*Work task:* Each line of the data below that includes the string "split" must be copied.

+---+

Lemma invmx_perm_mx (R : comUnitRingType) n (s : 'S_n) :
  invmx (perm_mx s) = perm_mx s^-1 :> 'M[R]_n.
Proof.
rewrite -[LHS]mulmx1 -(perm_mx1 R n) -(mulgV s) perm_mxM mulmxA.
by rewrite mulVmx ?unitmx_perm // mul1mx.
Qed.

Lemma conj_perm_mxE (R : comUnitRingType) n (s : 'S_n) (M : 'M[R]_n) i k :
  (invmx (perm_mx s) *m M *m perm_mx s) i k = M (s^-1 i)%g (s^-1 k)%g.
Proof.
by rewrite invmx_perm_mx -row_permE -[s in perm_mx s]invgK -col_permE !mxE.
Qed.

Theorem mainTheorem9 (R : realFieldType) (n : nat) (A B : 'M['F_2]_n) :
  (forall i, A i i = 0) -> (forall i, B i i = 0) ->
  (equiv_pairing (pairingA R A) (pairingA R B) <->
   exists P : 'M['F_2]_n, (exists s : 'S_n, P = perm_mx s) /\
     B = invmx P *m A *m P).
Proof.
move=> A0 B0; split=> [/(equiv_pairingA_relabel A0 B0) [s sAB] | [_ [[s ->] ->]]].
  exists (perm_mx s); split; first by exists s.
  apply/matrixP => i k; rewrite conj_perm_mxE.
  by rewrite -{1}(permKV s i) -{1}(permKV s k) sAB.
by apply: (@equiv_pairingA_col_perm R n s^-1) => i k; rewrite conj_perm_mxE.
Qed.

+---+

*Written answer:*
move=> A0 B0; split=> [/(equiv_pairingA_relabel A0 B0) [s sAB] | [_ [[s ->] ->]]].
  exists (perm_mx s); split; first by exists s.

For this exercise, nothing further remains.